Attorney-General Michelle Rowland has admitted that urgent measures to close loopholes in Australia’s childcare system, which are being exploited by child abusers, may take up to 12 months to implement.
Speaking ahead of a meeting of federal, state, and territory attorneys-general today, Ms Rowland said abusers were “shopping around” childcare centres to bypass existing background checks. Currently, bans imposed in one state do not automatically apply nationwide.
“This is clearly unacceptable,” Ms Rowland told the ABC. “We need a system where if you are banned in one jurisdiction, you are banned in all. But different state laws, complex IT systems, and fragmented regulations mean this won’t be fixed overnight.”
The urgent talks come a month after the arrest of Melbourne childcare worker Joshua Dale Brown, who faces more than 70 charges linked to alleged abuse at a Point Cook centre. Recent revelations have also shown that a Victorian childcare worker kept his Working With Children Check despite being sacked for sexual misconduct in 2020 and banned from the sector in 2024.
Prime Minister Anthony Albanese described the situation as “hopeless,” saying governments should have acted earlier.

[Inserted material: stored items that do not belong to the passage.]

(* Let $n\ge 2$ be an integer and $g=3n+2$, and let $G=\{\ell_1<\dots<\ell_g\}$ be a pure $(2n+1)$-sparse gapset of genus $g$. Then there is a unique $\alpha\in[1,g-1]$ such that $\ell_{\alpha+1}-\ell_\alpha=2n+1$.
   Context: A gapset is a finite set $G\subset\mathbb{N}=\{1,2,\dots\}$ such that whenever $z\in G$ and $z=x+y$ with $x,y\in\mathbb{N}$, then $x\in G$ or $y\in G$; its genus is $g=\#G$. $G$ is pure $\kappa$-sparse if $\ell_{i+1}-\ell_i\le\kappa$ for all $i$ with equality for some $i$. *)

From mathcomp Require Import all_boot.
Set Implicit Arguments. Unset Strict Implicit. Unset Printing Implicit Defensive.

(* A finite set G of positive integers is represented by the strictly
   increasing sequence [:: l_1; ...; l_g] of its elements. *)

Definition is_gapset (G : seq nat) : Prop :=
  [/\ sorted ltn G,
      all (fun z => 0 < z) G &
      forall z x y, z \in G -> 0 < x -> 0 < y -> z = x + y ->
        (x \in G) \/ (y \in G)].

Definition genus (G : seq nat) : nat := size G.

(* l_i, 1-indexed: ell G i = l_i for 1 <= i <= genus G *)
Definition ell (G : seq nat) (i : nat) : nat := nth 0 G i.-1.

Definition pure_sparse (kappa : nat) (G : seq nat) : Prop :=
  (forall i, 1 <= i -> i < genus G -> ell G i.+1 - ell G i <= kappa) /\
  (exists i, [/\ 1 <= i, i < genus G & ell G i.+1 - ell G i = kappa]).

(** Let two consecutive elements of [G] be [a < a + d] and later [b < b + d].
    Each of the [d - 1] gaps [x] strictly between [a] and [a + d] splits every
    larger element [z] of [G] as [x + (z - x)], so [z - x] lies in [G].
    Taking [z = a + d] puts [1, ..., d - 1] in [G]; taking [z = b + d] puts
    [b - a + 1, ..., b - a + d - 1] in [G]; together with [b + d] these are
    [2d - 1] distinct elements.  For [d = 2n + 1] this gives [4n + 1] elements,
    more than the genus [3n + 2] as soon as [n >= 2]. *)

From mathcomp Require Import all_boot.
From mathcomp Require Import zify.

Lemma ltn_nth_sorted (s : seq nat) i j : sorted ltn s ->
  i < size s -> j < size s -> (nth 0 s i < nth 0 s j) = (i < j).
Proof.
move=> s_sorted i_lt j_lt.
have mono := sorted_ltn_nth ltn_trans 0 s_sorted.
case: (ltngtP i j) => [ij | ji | ->]; last exact: ltnn.
- exact: mono.
- by apply/negbTE; rewrite -leqNgt ltnW // mono.
Qed.

Section Gapset.

Variable G : seq nat.
Hypothesis G_gapset : is_gapset G.

Let G_sorted : sorted ltn G. Proof. by case: G_gapset. Qed.

Lemma mem_ell k : 1 <= k <= size G -> ell G k \in G.
Proof. by case/andP=> k_gt0 k_le; rewrite /ell mem_nth // prednK. Qed.

Lemma ltn_ell i j : 1 <= i <= size G -> 1 <= j <= size G ->
  (ell G i < ell G j) = (i < j).
Proof.
case/andP=> i_gt0 i_le /andP [j_gt0 j_le].
rewrite /ell ltn_nth_sorted //; lia.
Qed.

Lemma leq_ell i j : 1 <= i <= size G -> 1 <= j <= size G ->
  (ell G i <= ell G j) = (i <= j).
Proof. by move=> i_range j_range; rewrite leqNgt ltn_ell // -leqNgt. Qed.

Lemma notin_between_ell k x : 1 <= k < size G ->
  ell G k < x < ell G k.+1 -> x \notin G.
Proof.
move=> k_range /andP [lo hi]; apply/negP => /(nthP 0) [j j_lt x_def].
have x_ell : x = ell G j.+1 by rewrite /ell.
have j_range : 1 <= j.+1 <= size G by [].
rewrite x_ell !ltn_ell // in lo hi; lia.
Qed.

Lemma gapset_subn_mem z x : z \in G -> 0 < x < z -> x \notin G -> z - x \in G.
Proof.
case: G_gapset => _ _ split_mem zG /andP [x_gt0 x_lt] xG.
have [zx_gt0 z_split] : 0 < z - x /\ z = x + (z - x) by lia.
have [xG'|//] := split_mem z x (z - x) zG x_gt0 zx_gt0 z_split.
by rewrite xG' in xG.
Qed.

Lemma genus_two_gaps a b d : a + d \in G -> b + d \in G -> a + d <= b ->
  (forall x, a < x < a + d -> x \notin G) -> 2 * d.-1 < genus G.
Proof.
move=> ad_mem bd_mem ad_le_b gap.
have reflect_gap z x : z \in G -> a < x < a + d -> x < z -> z - x \in G.
  by move=> zG x_gap x_lt; apply: gapset_subn_mem (gap x x_gap) => //; lia.
have low_mem i : 0 < i < d -> i \in G.
  move=> i_range; have -> : i = a + d - (a + d - i) by lia.
  by apply: reflect_gap ad_mem _ _; lia.
have mid_mem i : b - a < i < b - a + d -> i \in G.
  move=> i_range; have -> : i = b + d - (b + d - i) by lia.
  by apply: reflect_gap bd_mem _ _; lia.
pose s := iota 1 d.-1 ++ iota (b - a).+1 d.-1 ++ [:: b + d].
have s_uniq : uniq s.
  rewrite /s !cat_uniq !iota_uniq /= !andbT mem_iota; apply/andP; split; last lia.
  by apply/hasPn => x; rewrite mem_cat !inE !mem_iota; lia.
have s_sub : {subset s <= G}.
  move=> x; rewrite !mem_cat !inE !mem_iota => /or3P [x_low | x_mid | /eqP ->] //.
  - by apply: low_mem; lia.
  - by apply: mid_mem; lia.
have := uniq_leq_size s_uniq s_sub.
by rewrite /genus /s !size_cat !size_iota /=; lia.
Qed.

Lemma genus_two_jumps al be d : 1 <= al -> al < be < size G ->
  ell G al.+1 - ell G al = d -> ell G be.+1 - ell G be = d ->
  2 * d.-1 < genus G.
Proof.
move=> al_gt0 /andP [al_be be_lt] jump_al jump_be.
have al_range : 1 <= al < size G by rewrite al_gt0 (ltn_trans al_be).
have step_al : ell G al < ell G al.+1 by rewrite ltn_ell //; lia.
have step_be : ell G be < ell G be.+1 by rewrite ltn_ell //; lia.
have top_al : ell G al + d = ell G al.+1 by rewrite -jump_al subnKC // ltnW.
have top_be : ell G be + d = ell G be.+1 by rewrite -jump_be subnKC // ltnW.
apply: (@genus_two_gaps (ell G al) (ell G be)); rewrite ?top_al ?top_be.
- by apply: mem_ell; lia.
- by apply: mem_ell; lia.
- by rewrite leq_ell //; lia.
- by move=> x; apply: notin_between_ell.
Qed.

End Gapset.

Theorem mainTheorem19 (n : nat) (G : seq nat) :
  2 <= n ->
  is_gapset G ->
  genus G = 3 * n + 2 ->
  pure_sparse (2 * n + 1) G ->
  exists! alpha : nat,
    (1 <= alpha <= genus G - 1) /\ ell G alpha.+1 - ell G alpha = 2 * n + 1.
Proof.
move=> n_ge2 G_gapset G_genus [_ [al [al_gt0 al_lt jump_al]]].
have no_two_jumps i j : 1 <= i -> i < j -> j < genus G ->
    ell G i.+1 - ell G i = 2 * n + 1 -> ell G j.+1 - ell G j = 2 * n + 1 -> False.
  move=> i_gt0 ij j_lt jump_i jump_j.
  have ij_range : i < j < size G by rewrite ij.
  have := @genus_two_jumps G G_gapset i j _ i_gt0 ij_range jump_i jump_j.
  by rewrite G_genus; lia.
exists al; split; first by split => //; lia.
move=> be [/andP [be_gt0 be_le] jump_be].
case: (ltngtP al be) => [al_be | be_al | //]; exfalso.
- by apply: (no_two_jumps al be) => //; lia.
- exact: (no_two_jumps be al).
Qed.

The Royal Commission into Institutional Responses to Child Sexual Abuse recommended a national Working With Children Check a decade ago, but the gap remains. Ms Rowland said Labor began work on reforms last term after the case of convicted paedophile Ashley Paul Griffith in 2022.
Friday’s meeting will consider both immediate measures—such as continuous monitoring and information sharing—and longer-term reforms to lift standards for excluding unsuitable workers. Ms Rowland stressed that while 12 months is a long time, the changes must be done properly to protect children nationwide.